### Records shown
Definition completely_independent (S : {set T}) (k : nat)
    (F : 'I_k -> {set T} * {set {set T}}) : Prop :=
  (forall j, steiner_tree S (F j)) /\
  forall p q : 'I_k, p != q ->
    [/\ (F p).2 :&: (F q).2 = set0,
        (F p).1 :&: (F q).1 = S &
        forall x1 x2, x1 \in S -> x2 \in S ->
          forall P Q, is_path (F p).2 x1 x2 P -> is_path (F q).2 x1 x2 Q ->
          forall z, z \in P -> z != x2 -> z \in Q -> False].

(* Such a family has pairwise edge-disjoint trees, each
   with >= 1 edge when |S| >= 2, so its size is at most #|{set T}|. *)
Definition kappa_star (S : {set T}) : nat :=
  \max_(k < #|{set T}|.+1 |
        pb (exists F : 'I_k -> {set T} * {set {set T}},
              completely_independent S F)) k.

End Graphs.

Definition Kbip_adj (m1 m2 : nat) : rel ('I_m1 + 'I_m2) :=
  fun u v => match u, v with
             | inl _, inr _ | inr _, inl _ => true
             | _, _ => false end.

(* S_i = {x_1..x_i, y_1..y_(s-i)} (0-indexed) *)
Definition S_set (m1 m2 s i : nat) : {set 'I_m1 + 'I_m2} :=
  [set u : 'I_m1 + 'I_m2 |
     match u with inl x => (x : nat) < i | inr y => (y : nat) < s - i end].

(* Each tree of the family is given by a parent function towards a root, with a
   depth that strictly decreases along parent links; such a function always
   yields a tree, whose internal vertices are its root and the parents.  An
   internal vertex of a path in a tree has degree at least 2, hence is internal
   in the tree, so complete independence of the family reduces to three
   disjointness facts: the vertex sets of two trees meet exactly in S, their
   edges differ, and no vertex of S is internal in two of them.

   In K_{m1,m2} with |S ∩ X| = i and |S ∩ Y| = J, some trees are rooted at a
   fresh vertex y of Y \ S joined to all of S ∩ X, each y of S hanging from a
   hub x of X.  With pairwise distinct hubs this gives min(m1, m2 - J) trees,
   which settles the last two cases.  In the first case the free vertices of
   X run out before the fresh roots do: the next trees share a pair x_(2j),
   x_(2j+1) of S as hubs, the y's choosing one of them by parity, and the
   remaining trees live inside S with a pair of hubs on each side; parity
   keeps all these edges apart. *)
From Stdlib Require Import ClassicalEpsilon.
From mathcomp Require Import all_boot zify.
Set Implicit Arguments. Unset Strict Implicit. Unset Printing Implicit Defensive.
(* Let $\alpha\in(0,1)$ be irrational. (i) For every $n\in\mathbb N_0$ there exists a unique $(n,\alpha)$-partition of $v_{\alpha,0}$. (ii) For every $n\in\mathbb N_0$ and every $\theta\in[0,1)$ there exists a unique $(n,\alpha)$-partition of $v_{\alpha,\theta}$.
   Context: $\mathbb N_0=\{0,1,2,\ldots\}$. $v_{\alpha,\theta}(k)=\chi_{[1-\alpha,1)}(k\alpha+\theta \bmod 1)$, $k\in\mathbb Z$. With $\alpha=[a_1,a_2,\ldots]$ the continued fraction expansion ($a_n\in\mathbb N$), the words over $\{0,1\}$ are $s_{-1}=1$, $s_0=0$, $s_1=s_0^{a_1-1}s_{-1}$, $s_n=s_{n-1}^{a_n}s_{n-2}$ ($n\ge2$). For $n\in\mathbb N_0$, an $(n,\alpha)$-partition of a sequence $(f_k)_{k\in\mathbb Z}$ with $f_k\in\{0,1\}$ is a sequence $(I_j,z_j)_{j\in\mathbb Z}$ where $I_j=\{d_j,d_j+1,\ldots,d_{j+1}-1\}\subset\mathbb Z$ (with integers $d_j<d_{j+1}$), $z_j\in\{s_n,s_{n-1}\}$, $0\in I_0$, and $f_{d_j}f_{d_j+1}\cdots f_{d_{j+1}-1}=z_j$ for all $j\in\mathbb Z$. (Thus the $I_j$ tile $\mathbb Z$ and $f$ is the concatenation of the blocks $z_j$.) *)

From Stdlib Require Import Reals Lra Lia ZArith List.
Open Scope R_scope.

(* floor and fractional part: Int_part x = up x - 1 = floor x *)
Definition floorR (x : R) : Z := Int_part x.
Definition fracR (x : R) : R := x - IZR (floorR x).

Definition irrational (x : R) : Prop :=
  ~ exists p q : Z, q <> 0%Z /\ x = IZR p / IZR q.

Definition v (alpha theta : R) (k : Z) : nat :=
  let t := fracR (IZR k * alpha + theta) in
  if Rle_dec (1 - alpha) t then (if Rlt_dec t 1 then 1%nat else 0%nat) else 0%nat.

(* Continued fraction expansion alpha = [a_1, a_2, ...] via the Gauss map:
   cf_rem 0 = alpha, cf_rem (m+1) = frac (1 / cf_rem m),
   a_n = floor (1 / cf_rem (n-1))  for n >= 1. *)
Fixpoint cf_rem (alpha : R) (m : nat) : R :=
  match m with
  | O => alpha
  | S m' => fracR (1 / cf_rem alpha m')
  end.

Definition cf_digit (alpha : R) (n : nat) : nat :=
  Z.to_nat (floorR (1 / cf_rem alpha (pred n))).

Definition word := list nat.

Fixpoint wpow (w : word) (k : nat) : word :=
  match k with O => nil | S k' => w ++ wpow w k' end.

(* s_pair alpha n = (s_{n-1}, s_n), with s_{-1} = 1, s_0 = 0,
   s_1 = s_0^{a_1 - 1} s_{-1}, s_n = s_{n-1}^{a_n} s_{n-2} (n >= 2). *)
Fixpoint s_pair (alpha : R) (n : nat) : word * word :=
  match n with
  | O => (1%nat :: nil, 0%nat :: nil)
  | S O => (0%nat :: nil, wpow (0%nat :: nil) (cf_digit alpha 1 - 1) ++ (1%nat :: nil))
  | S m => let (p, q) := s_pair alpha m in
           (q, wpow q (cf_digit alpha n) ++ p)
  end.

Definition s (alpha : R) (n : nat) : word := snd (s_pair alpha n).
Definition s_prev (alpha : R) (n : nat) : word := fst (s_pair alpha n).

(* (n,alpha)-partition of f : Z -> {0,1}, given by the left endpoints d_j
   (I_j = {d_j, ..., d_{j+1}-1}) and the words z_j. *)
Definition is_partition (n : nat) (alpha : R) (f : Z -> nat)
    (d : Z -> Z) (z : Z -> word) : Prop :=
  (forall j : Z, (d j < d (j + 1))%Z) /\
  (forall j : Z, z j = s alpha n \/ z j = s_prev alpha n) /\
  (d 0 <= 0 < d 1)%Z /\
  (forall j : Z,
     Z.of_nat (length (z j)) = (d (j + 1) - d j)%Z /\
     forall i : nat, (i < length (z j))%nat ->
       f (d j + Z.of_nat i)%Z = nth i (z j) 0%nat).

Definition unique_partition (n : nat) (alpha : R) (f : Z -> nat) : Prop :=
  (exists d z, is_partition n alpha f d z) /\
  (forall d z d' z', is_partition n alpha f d z -> is_partition n alpha f d' z' ->
     (forall j, d j = d' j) /\ (forall j, z j = z' j)).

From Stdlib Require Import Reals Lra Lia ZArith List Classical.
Open Scope R_scope.

(* At level n the sequence is cut into tiles s_n and s_(n-1), the j-th tile being s_(n-1)
   exactly when the j-th point of a circle rotation lies in a marked interval of length g_n
   (at level 0 this is the rotation by alpha itself, with tiles 0 and 1).  Inducing the
   rotation on an interval of length 1 - (a - 1) g_n, a = floor (1 / g_n), groups the tiles
   into runs s_n^(a-1) s_(n-1) = s_(n+1) and single tiles s_n, coded again by a rotation,
   now with a marked interval of length g_(n+1): this gives existence.  Splitting every tile s_(n+1) = s_n^m s_(n-1) of an
   (n+1)-partition gives an n-partition, which is unique, and because s_n <> s_(n-1) the
   cut points of the (n+1)-partition are recovered from it as the n-cut points from which
   none of the next m tiles is an s_(n-1). *)

(** * Floor, fractional part and continued fractions *)

Lemma floorR_spec (x : R) : IZR (floorR x) <= x < IZR (floorR x) + 1.
Proof. unfold floorR. destruct (base_Int_part x). lra. Qed.

Lemma floorR_unique (x : R) (k : Z) : IZR k <= x < IZR k + 1 -> floorR x = k.
Proof.
  intros [H1 H2]. destruct (floorR_spec x) as [H3 H4].
  assert (floorR x < k + 1)%Z by (apply lt_IZR; rewrite plus_IZR; simpl; lra).
  assert (k < floorR x + 1)%Z by (apply lt_IZR; rewrite plus_IZR; simpl; lra).
  lia.
Qed.

Lemma floorR_nonneg (x : R) : 0 <= x -> (0 <= floorR x)%Z.
Proof.
  intros H. destruct (floorR_spec x).
  assert (-1 < floorR x)%Z by (apply lt_IZR; simpl; lra). lia.
Qed.

Lemma floorR_add_IZR (x : R) (k : Z) : floorR (x + IZR k) = (floorR x + k)%Z.
Proof. apply floorR_unique. destruct (floorR_spec x). rewrite plus_IZR. lra. Qed.

Lemma floorR_add_wrap (x d : R) : 0 < d < 1 -> 1 - d <= fracR x ->
  floorR (x + d) = (floorR x + 1)%Z.
Proof.
  intros Hd H. apply floorR_unique. destruct (floorR_spec x). unfold fracR in H.
  rewrite plus_IZR. simpl. lra.
Qed.

Lemma floorR_add_nowrap (x d : R) : 0 < d < 1 -> fracR x < 1 - d ->
  floorR (x + d) = floorR x.
Proof.
  intros Hd H. apply floorR_unique. destruct (floorR_spec x). unfold fracR in H. lra.
Qed.

Lemma fracR_bounds (x : R) : 0 <= fracR x < 1.
Proof. unfold fracR. destruct (floorR_spec x). lra. Qed.

Lemma fracR_eq (x y : R) (k : Z) : 0 <= y < 1 -> x = IZR k + y -> fracR x = y.
Proof. intros H ->. unfold fracR. rewrite (floorR_unique _ k); [ring | lra]. Qed.

Lemma fracR_add_IZR (x y : R) (k : Z) : x = y + IZR k -> fracR x = fracR y.
Proof. intros ->. unfold fracR. rewrite floorR_add_IZR, plus_IZR. ring. Qed.

Lemma lt_div_iff (L w y : R) : 0 < L -> (w < y / L <-> L * w < y).
Proof.
  intros HL. assert (E : L * (y / L) = y) by (field; lra).
  split; intro H.
  - assert (L * w < L * (y / L)) by (apply Rmult_lt_compat_l; lra). lra.
  - destruct (Rlt_le_dec w (y / L)) as [|H']; auto.
    assert (L * (y / L) <= L * w) by (apply Rmult_le_compat_l; lra). lra.
Qed.

Lemma div_lt_iff (L w y : R) : 0 < L -> (y / L < w <-> y < L * w).
Proof.
  intros HL. assert (E : L * (y / L) = y) by (field; lra).
  split; intro H.
  - assert (L * (y / L) < L * w) by (apply Rmult_lt_compat_l; lra). lra.
  - destruct (Rlt_le_dec (y / L) w) as [|H']; auto.
    assert (L * w <= L * (y / L)) by (apply Rmult_le_compat_l; lra). lra.
Qed.

Lemma div_in_unit (x y : R) : 0 <= x < y -> 0 <= x / y < 1.
Proof.
  intros H. split.
  - unfold Rdiv. apply Rmult_le_pos; [lra | left; apply Rinv_0_lt_compat; lra].
  - apply div_lt_iff; lra.
Qed.

Lemma irrational_not_IZR (x : R) (z : Z) : irrational x -> x <> IZR z.
Proof. intros H E. apply H. exists z, 1%Z. split; [lia|]. rewrite E. field. Qed.

Lemma irrational_inv (x : R) : irrational x -> irrational (1 / x).
Proof.
  intros H [p [q [Hq E]]]. apply H.
  assert (Hx : x <> 0) by apply (irrational_not_IZR x 0 H).
  assert (Hp : p <> 0%Z).
  { intros ->. assert (1 / x <> 0) by (unfold Rdiv; rewrite Rmult_1_l; apply Rinv_neq_0_compat; auto).
    rewrite E in H0. apply H0. unfold Rdiv. ring. }
  exists q, p. split; auto. apply not_0_IZR in Hp, Hq.
  replace x with (1 / (1 / x)) by (field; auto). rewrite E. field. auto.
Qed.

Lemma irrational_add_IZR (x : R) (k : Z) : irrational x -> irrational (x + IZR k).
Proof.
  intros H [p [q [Hq E]]]. apply H. exists (p - k * q)%Z, q. split; auto.
  apply not_0_IZR in Hq. rewrite minus_IZR, mult_IZR.
  replace x with (IZR p / IZR q - IZR k) by lra. field. auto.
Qed.

Lemma cf_rem_spec (alpha : R) : 0 < alpha < 1 -> irrational alpha ->
  forall n, 0 < cf_rem alpha n < 1 /\ irrational (cf_rem alpha n).
Proof.
  intros Ha Hi. induction n as [|n [IH1 IH2]]; simpl; auto.
  assert (Hir : irrational (fracR (1 / cf_rem alpha n))).
  { unfold fracR. unfold Rminus. rewrite <- opp_IZR. apply irrational_add_IZR, irrational_inv, IH2. }
  split; auto. destruct (fracR_bounds (1 / cf_rem alpha n)) as [[H|H] H'].
  - lra.
  - exfalso. apply (irrational_not_IZR _ 0 Hir). auto.
Qed.
Lemma floor_inv_spec (g : R) : 0 < g < 1 -> (forall z, 1 / g <> IZR z) ->
  (1 <= floorR (1 / g))%Z /\ IZR (floorR (1 / g)) * g < 1 < (IZR (floorR (1 / g)) + 1) * g.
Proof.
  intros Hg Hn. destruct (floorR_spec (1 / g)) as [[H1|H1] H2];
    [|exfalso; apply (Hn (floorR (1 / g))); auto].
  assert (1 < 1 / g) by (apply (Rmult_lt_reg_l g); [lra | field_simplify; lra]).
  split; [|split].
  - assert (0 < floorR (1 / g))%Z by (apply lt_IZR; simpl; lra). lia.
  - apply (Rmult_lt_compat_r g) in H1; [|lra]. field_simplify in H1; lra.
  - apply (Rmult_lt_compat_r g) in H2; [|lra]. field_simplify in H2; lra.
Qed.

Definition induced_len (g : R) : R :=
  (1 - IZR (floorR (1 / g)) * g) / (1 - (IZR (floorR (1 / g)) - 1) * g).

(* For n >= 1 the marked length r_n / (1 + r_n) has 1 / g = 1 / r_n + 1, so that
   floor (1 / g) - 1 = a_(n+1) is the exponent in s_(n+1) = s_n^a_(n+1) s_(n-1);
   at n = 0, floor (1 / alpha) - 1 = a_1 - 1 is the exponent in s_1. *)
Definition mark_len (alpha : R) (n : nat) : R :=
  match n with O => alpha | S _ => cf_rem alpha n / (1 + cf_rem alpha n) end.

Definition s_exponent (alpha : R) (n : nat) : nat :=
  match n with O => (cf_digit alpha 1 - 1)%nat | S m => cf_digit alpha (S (S m)) end.

Section MarkLen.
Variable alpha : R.
Hypothesis Ha : 0 < alpha < 1.
Hypothesis Hirr : irrational alpha.

Lemma inv_mark_len_succ (m : nat) :
  1 / mark_len alpha (S m) = 1 / cf_rem alpha (S m) + IZR 1.
Proof.
  destruct (cf_rem_spec alpha Ha Hirr (S m)).
  change (mark_len alpha (S m)) with (cf_rem alpha (S m) / (1 + cf_rem alpha (S m))).
  field. lra.
Qed.

Lemma mark_len_spec (n : nat) :
  0 < mark_len alpha n < 1 /\ forall z, 1 / mark_len alpha n <> IZR z.
Proof.
  destruct n as [|m]; [split; [auto | intro z; apply irrational_not_IZR, irrational_inv, Hirr]|].
  destruct (cf_rem_spec alpha Ha Hirr (S m)) as [Hr Hi]. split.
  - change (mark_len alpha (S m)) with (cf_rem alpha (S m) / (1 + cf_rem alpha (S m))).
    split; [apply Rdiv_lt_0_compat; lra|].
    apply div_lt_iff; lra.
  - intro z. rewrite inv_mark_len_succ.
    apply irrational_not_IZR, irrational_add_IZR, irrational_inv, Hi.
Qed.

Lemma induced_len_mark_len (n : nat) : induced_len (mark_len alpha n) = mark_len alpha (S n).
Proof.
  unfold induced_len. destruct n as [|m].
  - destruct (cf_rem_spec alpha Ha Hirr 1) as [[H1 H2] _]. simpl in H1, H2 |- *.
    unfold fracR in *. set (F := IZR (floorR (1 / alpha))) in *.
    assert (0 < (1 / alpha - F) * alpha) by (apply Rmult_lt_0_compat; lra).
    assert (1 / alpha * alpha = 1) by (field; lra).
    field. split; nra.
  - rewrite inv_mark_len_succ, floorR_add_IZR, plus_IZR. simpl (IZR 1).
    destruct (cf_rem_spec alpha Ha Hirr (S m)) as [[H1 H2] _].
    destruct (cf_rem_spec alpha Ha Hirr (S (S m))) as [[H3 H4] _].
    change (cf_rem alpha (S (S m))) with (fracR (1 / cf_rem alpha (S m))) in H3, H4 |- *.
    change (mark_len alpha (S m)) with (cf_rem alpha (S m) / (1 + cf_rem alpha (S m))).
    change (mark_len alpha (S (S m))) with
      (fracR (1 / cf_rem alpha (S m)) / (1 + fracR (1 / cf_rem alpha (S m)))).
    unfold fracR in *.
    set (x := cf_rem alpha (S m)) in *. set (F := IZR (floorR (1 / x))) in *.
    assert (0 < (1 / x - F) * x) by (apply Rmult_lt_0_compat; lra).
    assert (1 / x * x = 1) by (field; lra).
    field. repeat split; nra.
Qed.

### Work request
What is needed is each line from the records with the word "rotation" in it.

### Exercise solution
   exactly when the j-th point of a circle rotation lies in a marked interval of length g_n
   (at level 0 this is the rotation by alpha itself, with tiles 0 and 1).  Inducing the
   rotation on an interval of length 1 - (a - 1) g_n, a = floor (1 / g_n), groups the tiles
   into runs s_n^(a-1) s_(n-1) = s_(n+1) and single tiles s_n, coded again by a rotation,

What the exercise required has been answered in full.